(TASK STATEMENT)
Compute how many lines in the data below hold the word "mulmxDl", then report that number with nothing else.

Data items
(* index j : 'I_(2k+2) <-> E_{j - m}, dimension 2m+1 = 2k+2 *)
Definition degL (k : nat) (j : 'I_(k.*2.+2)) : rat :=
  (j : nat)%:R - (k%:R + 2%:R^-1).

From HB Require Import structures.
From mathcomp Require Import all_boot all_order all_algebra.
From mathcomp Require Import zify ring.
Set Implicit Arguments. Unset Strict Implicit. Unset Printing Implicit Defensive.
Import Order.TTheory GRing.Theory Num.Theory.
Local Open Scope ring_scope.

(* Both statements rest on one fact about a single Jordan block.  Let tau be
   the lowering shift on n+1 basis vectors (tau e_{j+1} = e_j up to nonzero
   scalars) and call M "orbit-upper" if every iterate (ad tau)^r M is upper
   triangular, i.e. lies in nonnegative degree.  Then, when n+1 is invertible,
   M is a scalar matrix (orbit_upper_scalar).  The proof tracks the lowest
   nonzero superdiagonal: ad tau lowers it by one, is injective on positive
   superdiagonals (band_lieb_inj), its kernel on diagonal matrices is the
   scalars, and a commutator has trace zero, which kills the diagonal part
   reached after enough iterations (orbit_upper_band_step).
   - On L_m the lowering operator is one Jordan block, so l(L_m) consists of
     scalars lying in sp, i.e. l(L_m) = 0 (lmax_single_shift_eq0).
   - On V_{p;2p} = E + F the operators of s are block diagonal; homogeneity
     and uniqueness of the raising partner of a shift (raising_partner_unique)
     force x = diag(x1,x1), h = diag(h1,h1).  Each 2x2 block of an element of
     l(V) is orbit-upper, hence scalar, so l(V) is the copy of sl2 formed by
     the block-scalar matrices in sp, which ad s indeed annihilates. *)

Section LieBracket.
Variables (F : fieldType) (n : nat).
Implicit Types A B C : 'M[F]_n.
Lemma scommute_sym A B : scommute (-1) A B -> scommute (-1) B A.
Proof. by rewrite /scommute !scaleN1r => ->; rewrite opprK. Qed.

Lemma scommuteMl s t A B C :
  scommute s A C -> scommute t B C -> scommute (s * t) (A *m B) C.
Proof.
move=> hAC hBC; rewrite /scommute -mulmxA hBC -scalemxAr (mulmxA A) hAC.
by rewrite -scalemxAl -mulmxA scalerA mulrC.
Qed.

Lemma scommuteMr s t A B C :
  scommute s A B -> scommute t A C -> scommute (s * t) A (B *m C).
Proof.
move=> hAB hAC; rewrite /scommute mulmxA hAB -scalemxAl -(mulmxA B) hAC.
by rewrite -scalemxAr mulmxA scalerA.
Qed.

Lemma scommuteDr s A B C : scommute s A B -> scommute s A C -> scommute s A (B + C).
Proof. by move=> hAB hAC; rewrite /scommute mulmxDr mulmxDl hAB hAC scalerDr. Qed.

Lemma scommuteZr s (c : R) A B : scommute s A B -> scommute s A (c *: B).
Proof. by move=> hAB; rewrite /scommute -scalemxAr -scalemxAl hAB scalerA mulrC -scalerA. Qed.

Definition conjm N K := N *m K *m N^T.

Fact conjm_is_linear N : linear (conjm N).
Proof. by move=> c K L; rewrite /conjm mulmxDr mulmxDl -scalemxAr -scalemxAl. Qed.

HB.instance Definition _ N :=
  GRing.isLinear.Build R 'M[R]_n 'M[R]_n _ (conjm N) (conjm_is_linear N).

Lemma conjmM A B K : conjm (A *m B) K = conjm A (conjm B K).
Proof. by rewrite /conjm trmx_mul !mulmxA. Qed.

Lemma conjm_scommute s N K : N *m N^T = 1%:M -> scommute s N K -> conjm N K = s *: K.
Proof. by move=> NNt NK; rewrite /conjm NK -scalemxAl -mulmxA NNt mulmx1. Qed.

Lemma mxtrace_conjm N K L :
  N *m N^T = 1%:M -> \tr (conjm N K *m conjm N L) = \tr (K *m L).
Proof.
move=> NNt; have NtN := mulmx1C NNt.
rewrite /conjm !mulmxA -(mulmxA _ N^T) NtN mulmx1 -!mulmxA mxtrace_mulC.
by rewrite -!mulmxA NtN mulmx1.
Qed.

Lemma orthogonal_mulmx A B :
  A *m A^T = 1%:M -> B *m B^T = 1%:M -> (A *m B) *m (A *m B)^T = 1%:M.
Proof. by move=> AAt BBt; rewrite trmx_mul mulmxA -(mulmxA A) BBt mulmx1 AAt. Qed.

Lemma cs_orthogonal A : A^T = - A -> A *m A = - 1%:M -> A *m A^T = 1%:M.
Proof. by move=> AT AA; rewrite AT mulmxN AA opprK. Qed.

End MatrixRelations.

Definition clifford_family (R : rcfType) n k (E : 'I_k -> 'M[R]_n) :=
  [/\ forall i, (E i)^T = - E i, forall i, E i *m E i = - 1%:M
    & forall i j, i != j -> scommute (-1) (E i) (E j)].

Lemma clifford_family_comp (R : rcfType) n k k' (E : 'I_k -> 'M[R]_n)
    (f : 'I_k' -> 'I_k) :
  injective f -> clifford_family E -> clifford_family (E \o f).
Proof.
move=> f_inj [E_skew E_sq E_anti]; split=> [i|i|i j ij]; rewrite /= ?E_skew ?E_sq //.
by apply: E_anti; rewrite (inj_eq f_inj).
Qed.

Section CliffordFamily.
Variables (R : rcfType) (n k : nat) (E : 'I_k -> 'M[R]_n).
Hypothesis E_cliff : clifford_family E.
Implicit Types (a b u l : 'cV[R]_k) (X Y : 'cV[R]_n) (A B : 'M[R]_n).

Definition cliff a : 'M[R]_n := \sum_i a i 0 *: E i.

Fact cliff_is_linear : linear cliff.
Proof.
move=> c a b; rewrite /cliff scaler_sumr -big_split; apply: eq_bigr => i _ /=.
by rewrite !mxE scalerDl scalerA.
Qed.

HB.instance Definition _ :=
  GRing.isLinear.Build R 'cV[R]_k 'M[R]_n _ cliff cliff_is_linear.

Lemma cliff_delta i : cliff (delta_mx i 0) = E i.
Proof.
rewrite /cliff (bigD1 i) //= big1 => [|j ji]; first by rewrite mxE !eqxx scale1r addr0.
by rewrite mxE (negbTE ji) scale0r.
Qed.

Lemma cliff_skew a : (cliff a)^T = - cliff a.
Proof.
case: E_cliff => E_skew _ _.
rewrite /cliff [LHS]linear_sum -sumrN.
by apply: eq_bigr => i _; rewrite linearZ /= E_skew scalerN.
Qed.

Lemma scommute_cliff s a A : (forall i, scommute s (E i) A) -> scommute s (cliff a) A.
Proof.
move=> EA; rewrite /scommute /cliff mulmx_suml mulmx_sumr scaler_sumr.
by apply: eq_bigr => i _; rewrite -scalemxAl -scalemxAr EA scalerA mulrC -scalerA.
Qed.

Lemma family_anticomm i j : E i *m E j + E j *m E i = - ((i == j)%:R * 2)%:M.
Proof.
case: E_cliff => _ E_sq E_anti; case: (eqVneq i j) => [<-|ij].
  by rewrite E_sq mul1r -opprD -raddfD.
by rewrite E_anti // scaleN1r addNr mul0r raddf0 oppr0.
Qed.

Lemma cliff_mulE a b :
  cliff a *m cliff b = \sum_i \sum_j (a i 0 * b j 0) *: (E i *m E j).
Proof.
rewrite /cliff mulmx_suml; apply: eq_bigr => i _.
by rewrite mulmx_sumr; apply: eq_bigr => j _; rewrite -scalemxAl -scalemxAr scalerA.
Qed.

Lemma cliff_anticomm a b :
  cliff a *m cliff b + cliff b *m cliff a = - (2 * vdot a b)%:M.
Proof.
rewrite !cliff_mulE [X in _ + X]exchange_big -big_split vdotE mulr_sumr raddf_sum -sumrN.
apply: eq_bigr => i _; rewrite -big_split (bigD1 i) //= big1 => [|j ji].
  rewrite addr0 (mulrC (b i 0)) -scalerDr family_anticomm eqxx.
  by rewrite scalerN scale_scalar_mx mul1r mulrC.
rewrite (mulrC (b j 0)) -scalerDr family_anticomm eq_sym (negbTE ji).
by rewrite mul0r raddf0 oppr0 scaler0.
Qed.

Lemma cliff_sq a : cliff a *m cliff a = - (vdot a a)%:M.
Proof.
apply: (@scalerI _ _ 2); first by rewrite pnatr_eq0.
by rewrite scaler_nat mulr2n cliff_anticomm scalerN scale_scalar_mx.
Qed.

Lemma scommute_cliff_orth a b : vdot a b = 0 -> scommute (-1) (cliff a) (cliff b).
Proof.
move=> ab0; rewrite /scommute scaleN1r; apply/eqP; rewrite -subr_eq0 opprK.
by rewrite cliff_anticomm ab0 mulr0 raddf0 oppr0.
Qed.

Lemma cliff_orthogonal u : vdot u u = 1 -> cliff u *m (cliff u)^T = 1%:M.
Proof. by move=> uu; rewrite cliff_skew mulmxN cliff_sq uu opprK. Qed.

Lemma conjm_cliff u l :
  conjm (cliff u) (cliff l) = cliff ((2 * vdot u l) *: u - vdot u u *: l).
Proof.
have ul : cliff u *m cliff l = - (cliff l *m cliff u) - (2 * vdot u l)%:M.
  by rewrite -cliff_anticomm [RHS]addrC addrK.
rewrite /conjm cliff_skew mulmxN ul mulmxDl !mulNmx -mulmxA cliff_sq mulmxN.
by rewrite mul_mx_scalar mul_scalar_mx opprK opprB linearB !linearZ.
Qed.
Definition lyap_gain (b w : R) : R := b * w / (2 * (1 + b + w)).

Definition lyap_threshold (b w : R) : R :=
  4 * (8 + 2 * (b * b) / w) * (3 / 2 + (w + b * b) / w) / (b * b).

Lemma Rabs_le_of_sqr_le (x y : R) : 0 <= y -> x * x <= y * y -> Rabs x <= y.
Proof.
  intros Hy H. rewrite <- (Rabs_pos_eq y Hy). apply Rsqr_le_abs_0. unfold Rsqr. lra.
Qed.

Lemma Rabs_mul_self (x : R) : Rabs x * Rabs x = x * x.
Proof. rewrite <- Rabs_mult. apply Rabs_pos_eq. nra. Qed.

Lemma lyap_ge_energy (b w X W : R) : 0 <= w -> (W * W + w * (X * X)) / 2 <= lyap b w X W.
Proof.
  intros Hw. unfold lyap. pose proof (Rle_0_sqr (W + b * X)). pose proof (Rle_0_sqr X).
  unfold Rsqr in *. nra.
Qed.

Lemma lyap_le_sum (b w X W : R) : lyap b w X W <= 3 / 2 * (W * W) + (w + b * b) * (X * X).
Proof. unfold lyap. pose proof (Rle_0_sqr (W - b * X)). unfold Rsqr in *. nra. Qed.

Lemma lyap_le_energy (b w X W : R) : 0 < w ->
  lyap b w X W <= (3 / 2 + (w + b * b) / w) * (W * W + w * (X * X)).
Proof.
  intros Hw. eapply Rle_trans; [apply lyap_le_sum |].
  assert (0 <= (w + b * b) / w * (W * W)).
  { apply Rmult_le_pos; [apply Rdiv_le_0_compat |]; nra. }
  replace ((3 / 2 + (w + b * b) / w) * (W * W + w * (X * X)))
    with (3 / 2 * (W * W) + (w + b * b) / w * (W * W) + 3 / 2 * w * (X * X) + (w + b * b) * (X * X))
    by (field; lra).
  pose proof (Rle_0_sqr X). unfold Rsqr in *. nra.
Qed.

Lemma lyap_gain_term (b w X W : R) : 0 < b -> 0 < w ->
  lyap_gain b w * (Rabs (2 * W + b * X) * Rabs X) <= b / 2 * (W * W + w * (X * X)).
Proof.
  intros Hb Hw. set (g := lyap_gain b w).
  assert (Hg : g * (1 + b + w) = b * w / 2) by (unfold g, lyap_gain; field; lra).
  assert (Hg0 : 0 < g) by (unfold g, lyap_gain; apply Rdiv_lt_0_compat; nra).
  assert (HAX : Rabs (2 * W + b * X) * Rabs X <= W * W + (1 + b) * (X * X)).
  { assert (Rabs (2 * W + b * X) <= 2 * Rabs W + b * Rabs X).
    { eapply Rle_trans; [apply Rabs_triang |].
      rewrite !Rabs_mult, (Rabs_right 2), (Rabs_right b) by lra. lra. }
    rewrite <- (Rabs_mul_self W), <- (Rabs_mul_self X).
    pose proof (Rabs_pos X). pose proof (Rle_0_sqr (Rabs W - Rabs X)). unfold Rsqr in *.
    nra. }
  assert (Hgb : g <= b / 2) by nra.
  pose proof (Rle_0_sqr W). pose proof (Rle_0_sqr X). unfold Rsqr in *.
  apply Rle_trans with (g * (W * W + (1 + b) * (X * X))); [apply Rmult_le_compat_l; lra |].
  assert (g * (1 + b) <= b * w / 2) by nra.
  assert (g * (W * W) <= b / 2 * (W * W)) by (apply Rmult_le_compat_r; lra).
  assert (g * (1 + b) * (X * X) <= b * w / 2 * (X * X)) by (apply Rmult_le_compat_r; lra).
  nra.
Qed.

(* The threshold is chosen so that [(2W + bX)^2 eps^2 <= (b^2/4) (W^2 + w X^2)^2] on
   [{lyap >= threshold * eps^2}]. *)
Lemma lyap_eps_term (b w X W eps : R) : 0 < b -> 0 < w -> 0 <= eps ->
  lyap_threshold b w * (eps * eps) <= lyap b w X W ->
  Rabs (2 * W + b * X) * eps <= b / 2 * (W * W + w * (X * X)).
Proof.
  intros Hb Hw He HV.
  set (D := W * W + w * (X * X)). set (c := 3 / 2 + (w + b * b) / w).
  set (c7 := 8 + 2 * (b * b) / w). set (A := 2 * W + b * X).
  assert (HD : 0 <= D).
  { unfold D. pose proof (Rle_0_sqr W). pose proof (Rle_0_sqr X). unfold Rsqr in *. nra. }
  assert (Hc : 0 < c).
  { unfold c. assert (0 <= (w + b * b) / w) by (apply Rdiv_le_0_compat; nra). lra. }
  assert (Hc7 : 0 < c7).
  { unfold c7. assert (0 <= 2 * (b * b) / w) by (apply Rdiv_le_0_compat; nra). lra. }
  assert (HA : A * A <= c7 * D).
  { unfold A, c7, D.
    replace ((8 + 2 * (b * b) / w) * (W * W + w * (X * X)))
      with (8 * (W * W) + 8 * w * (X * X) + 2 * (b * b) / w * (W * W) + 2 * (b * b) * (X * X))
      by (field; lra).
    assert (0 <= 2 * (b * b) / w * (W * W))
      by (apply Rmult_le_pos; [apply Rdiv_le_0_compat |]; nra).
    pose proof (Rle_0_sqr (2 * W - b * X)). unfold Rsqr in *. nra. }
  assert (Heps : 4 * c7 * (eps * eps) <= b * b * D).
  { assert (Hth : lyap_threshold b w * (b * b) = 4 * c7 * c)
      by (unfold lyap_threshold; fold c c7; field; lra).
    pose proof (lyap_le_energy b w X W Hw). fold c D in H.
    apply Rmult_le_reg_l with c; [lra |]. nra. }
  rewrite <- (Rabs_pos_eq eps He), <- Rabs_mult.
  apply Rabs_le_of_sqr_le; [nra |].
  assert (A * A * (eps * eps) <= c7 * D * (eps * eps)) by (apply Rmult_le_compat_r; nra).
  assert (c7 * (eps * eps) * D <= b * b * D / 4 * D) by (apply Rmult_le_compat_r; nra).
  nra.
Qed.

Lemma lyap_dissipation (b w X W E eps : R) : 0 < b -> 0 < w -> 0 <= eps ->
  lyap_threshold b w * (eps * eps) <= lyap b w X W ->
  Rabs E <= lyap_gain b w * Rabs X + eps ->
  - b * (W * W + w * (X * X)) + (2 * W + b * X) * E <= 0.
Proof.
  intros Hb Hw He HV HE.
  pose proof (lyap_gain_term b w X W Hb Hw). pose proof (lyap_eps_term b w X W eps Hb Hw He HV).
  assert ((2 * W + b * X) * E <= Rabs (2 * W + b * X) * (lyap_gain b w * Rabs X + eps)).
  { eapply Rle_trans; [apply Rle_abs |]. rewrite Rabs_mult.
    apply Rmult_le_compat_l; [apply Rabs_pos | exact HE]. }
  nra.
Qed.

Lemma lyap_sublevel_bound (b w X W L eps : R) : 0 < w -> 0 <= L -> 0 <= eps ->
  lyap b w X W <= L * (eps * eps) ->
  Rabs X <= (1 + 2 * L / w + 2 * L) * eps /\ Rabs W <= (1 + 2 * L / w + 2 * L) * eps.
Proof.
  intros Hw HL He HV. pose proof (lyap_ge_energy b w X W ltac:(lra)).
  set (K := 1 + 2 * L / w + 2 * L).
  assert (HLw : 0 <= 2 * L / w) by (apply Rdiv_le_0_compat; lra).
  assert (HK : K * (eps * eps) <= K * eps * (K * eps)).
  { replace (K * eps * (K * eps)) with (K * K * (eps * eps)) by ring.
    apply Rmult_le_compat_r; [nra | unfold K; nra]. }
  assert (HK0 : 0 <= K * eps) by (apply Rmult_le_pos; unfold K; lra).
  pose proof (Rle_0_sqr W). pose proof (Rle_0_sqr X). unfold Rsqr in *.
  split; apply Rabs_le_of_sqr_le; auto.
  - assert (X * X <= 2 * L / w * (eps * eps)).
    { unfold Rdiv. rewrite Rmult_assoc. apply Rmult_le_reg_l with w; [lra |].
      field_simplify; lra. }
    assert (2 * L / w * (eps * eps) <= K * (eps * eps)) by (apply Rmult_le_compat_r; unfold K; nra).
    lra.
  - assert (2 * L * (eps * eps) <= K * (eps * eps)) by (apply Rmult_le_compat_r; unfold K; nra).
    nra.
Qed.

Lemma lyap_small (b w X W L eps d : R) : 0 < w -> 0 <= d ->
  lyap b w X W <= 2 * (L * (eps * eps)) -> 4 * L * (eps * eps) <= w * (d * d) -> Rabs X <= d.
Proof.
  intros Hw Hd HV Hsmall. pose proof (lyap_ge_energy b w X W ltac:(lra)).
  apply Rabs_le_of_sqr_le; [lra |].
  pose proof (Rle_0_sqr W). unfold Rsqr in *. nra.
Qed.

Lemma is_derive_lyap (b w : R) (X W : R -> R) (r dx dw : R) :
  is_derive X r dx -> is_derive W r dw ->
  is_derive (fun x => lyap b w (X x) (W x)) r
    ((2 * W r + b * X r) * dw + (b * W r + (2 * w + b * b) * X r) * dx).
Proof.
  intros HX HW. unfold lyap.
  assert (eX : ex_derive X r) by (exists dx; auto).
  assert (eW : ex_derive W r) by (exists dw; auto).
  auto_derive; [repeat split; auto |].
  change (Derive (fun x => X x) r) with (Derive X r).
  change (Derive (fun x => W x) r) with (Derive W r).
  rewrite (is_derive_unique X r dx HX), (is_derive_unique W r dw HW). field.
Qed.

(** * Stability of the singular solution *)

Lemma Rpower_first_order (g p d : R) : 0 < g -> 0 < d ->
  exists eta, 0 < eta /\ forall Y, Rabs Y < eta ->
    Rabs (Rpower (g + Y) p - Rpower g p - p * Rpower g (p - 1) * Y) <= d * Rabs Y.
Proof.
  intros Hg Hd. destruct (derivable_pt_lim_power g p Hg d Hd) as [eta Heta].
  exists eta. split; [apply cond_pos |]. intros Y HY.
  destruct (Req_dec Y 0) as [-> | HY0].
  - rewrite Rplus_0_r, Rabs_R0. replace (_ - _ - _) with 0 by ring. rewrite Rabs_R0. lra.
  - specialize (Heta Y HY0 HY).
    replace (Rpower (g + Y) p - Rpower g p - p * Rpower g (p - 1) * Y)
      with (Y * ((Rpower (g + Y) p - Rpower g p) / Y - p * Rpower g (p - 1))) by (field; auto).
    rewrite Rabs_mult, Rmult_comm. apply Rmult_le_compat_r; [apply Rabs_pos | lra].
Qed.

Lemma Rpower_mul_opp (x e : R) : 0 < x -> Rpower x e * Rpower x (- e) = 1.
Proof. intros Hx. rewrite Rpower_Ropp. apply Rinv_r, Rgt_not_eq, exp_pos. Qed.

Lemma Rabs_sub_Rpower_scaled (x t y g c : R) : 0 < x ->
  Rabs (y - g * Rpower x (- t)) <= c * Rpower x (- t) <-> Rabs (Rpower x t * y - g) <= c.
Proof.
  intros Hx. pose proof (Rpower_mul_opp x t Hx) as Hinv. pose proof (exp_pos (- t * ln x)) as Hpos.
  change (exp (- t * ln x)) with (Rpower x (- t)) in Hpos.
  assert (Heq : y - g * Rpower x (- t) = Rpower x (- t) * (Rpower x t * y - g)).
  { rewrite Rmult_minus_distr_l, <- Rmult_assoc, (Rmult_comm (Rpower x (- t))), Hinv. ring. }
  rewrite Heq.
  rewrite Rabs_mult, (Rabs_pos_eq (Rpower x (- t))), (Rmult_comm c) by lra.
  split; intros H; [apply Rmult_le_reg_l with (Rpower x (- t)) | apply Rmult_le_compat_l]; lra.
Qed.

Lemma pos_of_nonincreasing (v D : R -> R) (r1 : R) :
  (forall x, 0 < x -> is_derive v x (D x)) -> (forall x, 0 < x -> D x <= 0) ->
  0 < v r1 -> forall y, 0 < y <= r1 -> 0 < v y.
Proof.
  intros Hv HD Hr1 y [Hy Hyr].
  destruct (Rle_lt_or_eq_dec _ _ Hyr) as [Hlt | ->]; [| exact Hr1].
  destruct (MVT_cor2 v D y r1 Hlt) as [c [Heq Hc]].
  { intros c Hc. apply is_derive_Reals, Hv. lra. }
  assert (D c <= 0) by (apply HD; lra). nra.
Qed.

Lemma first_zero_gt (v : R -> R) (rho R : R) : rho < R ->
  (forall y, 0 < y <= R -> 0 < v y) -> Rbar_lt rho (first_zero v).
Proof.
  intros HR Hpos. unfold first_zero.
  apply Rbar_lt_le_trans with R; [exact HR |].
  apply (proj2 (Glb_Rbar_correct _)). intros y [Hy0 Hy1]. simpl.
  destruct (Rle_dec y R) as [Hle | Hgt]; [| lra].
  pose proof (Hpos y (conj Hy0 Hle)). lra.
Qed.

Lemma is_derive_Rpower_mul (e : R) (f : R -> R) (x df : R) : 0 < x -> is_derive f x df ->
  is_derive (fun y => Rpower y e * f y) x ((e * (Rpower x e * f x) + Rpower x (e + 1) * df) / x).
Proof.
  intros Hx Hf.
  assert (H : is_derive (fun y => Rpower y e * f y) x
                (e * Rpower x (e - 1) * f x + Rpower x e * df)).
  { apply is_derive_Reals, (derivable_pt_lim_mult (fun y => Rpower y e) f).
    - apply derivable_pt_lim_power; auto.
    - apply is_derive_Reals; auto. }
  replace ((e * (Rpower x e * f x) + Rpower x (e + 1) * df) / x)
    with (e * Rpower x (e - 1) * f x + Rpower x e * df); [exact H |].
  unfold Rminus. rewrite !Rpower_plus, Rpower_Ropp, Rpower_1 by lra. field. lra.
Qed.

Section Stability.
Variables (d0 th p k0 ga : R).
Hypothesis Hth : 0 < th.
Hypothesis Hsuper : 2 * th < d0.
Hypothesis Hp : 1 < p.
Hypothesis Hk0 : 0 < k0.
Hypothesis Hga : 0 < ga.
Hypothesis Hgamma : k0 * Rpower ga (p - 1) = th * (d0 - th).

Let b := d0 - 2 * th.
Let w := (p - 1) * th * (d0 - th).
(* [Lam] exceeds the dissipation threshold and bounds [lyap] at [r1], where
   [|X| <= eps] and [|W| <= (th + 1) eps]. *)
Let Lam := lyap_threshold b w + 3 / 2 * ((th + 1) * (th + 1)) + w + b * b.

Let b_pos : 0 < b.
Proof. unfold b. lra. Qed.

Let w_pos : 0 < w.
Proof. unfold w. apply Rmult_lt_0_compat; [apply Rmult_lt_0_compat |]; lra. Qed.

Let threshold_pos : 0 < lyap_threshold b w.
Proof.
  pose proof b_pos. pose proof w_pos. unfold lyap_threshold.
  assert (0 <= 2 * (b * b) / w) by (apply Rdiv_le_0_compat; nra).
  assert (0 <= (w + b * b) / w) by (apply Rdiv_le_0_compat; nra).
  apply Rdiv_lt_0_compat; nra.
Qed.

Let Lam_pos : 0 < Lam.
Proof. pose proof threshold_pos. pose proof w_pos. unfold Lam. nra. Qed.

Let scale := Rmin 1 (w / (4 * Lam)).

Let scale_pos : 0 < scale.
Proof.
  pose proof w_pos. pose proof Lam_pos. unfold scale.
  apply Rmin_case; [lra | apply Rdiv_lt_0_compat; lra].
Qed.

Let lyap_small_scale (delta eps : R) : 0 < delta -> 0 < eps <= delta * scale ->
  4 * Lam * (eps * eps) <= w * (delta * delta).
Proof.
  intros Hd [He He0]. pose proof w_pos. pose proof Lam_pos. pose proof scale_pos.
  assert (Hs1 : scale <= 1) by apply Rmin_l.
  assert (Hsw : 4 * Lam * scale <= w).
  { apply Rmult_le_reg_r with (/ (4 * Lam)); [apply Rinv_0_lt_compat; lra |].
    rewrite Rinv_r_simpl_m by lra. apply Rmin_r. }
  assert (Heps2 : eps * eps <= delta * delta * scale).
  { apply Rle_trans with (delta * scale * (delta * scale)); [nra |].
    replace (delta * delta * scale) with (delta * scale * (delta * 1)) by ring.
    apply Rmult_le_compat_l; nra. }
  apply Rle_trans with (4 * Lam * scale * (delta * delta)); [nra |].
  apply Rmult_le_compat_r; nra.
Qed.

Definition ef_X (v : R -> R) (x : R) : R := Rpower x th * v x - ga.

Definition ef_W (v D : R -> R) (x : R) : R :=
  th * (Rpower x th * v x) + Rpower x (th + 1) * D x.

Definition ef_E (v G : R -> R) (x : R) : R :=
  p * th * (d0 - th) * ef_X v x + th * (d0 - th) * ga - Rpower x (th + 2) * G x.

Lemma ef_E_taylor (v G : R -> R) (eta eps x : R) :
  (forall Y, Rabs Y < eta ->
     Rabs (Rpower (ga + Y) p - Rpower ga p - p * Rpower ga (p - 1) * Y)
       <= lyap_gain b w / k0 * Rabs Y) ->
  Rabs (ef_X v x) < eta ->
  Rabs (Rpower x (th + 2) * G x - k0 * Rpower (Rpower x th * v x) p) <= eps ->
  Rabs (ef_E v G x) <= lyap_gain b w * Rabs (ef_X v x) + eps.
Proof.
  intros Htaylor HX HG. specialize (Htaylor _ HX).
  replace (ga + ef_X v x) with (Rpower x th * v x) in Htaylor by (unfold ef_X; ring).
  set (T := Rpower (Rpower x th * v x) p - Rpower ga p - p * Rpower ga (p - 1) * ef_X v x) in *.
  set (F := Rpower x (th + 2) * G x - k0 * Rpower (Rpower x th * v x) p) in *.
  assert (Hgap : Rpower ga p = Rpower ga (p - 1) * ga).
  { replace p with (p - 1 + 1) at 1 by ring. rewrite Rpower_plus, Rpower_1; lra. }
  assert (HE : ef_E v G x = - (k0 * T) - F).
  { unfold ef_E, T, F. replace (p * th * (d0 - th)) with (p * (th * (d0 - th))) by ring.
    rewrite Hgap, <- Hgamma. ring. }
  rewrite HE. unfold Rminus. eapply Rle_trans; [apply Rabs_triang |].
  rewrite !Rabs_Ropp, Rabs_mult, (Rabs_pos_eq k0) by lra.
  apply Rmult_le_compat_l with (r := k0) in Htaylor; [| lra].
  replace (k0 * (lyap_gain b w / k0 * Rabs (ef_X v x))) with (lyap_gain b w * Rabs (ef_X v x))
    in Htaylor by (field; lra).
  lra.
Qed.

(FINISHED TASK)
3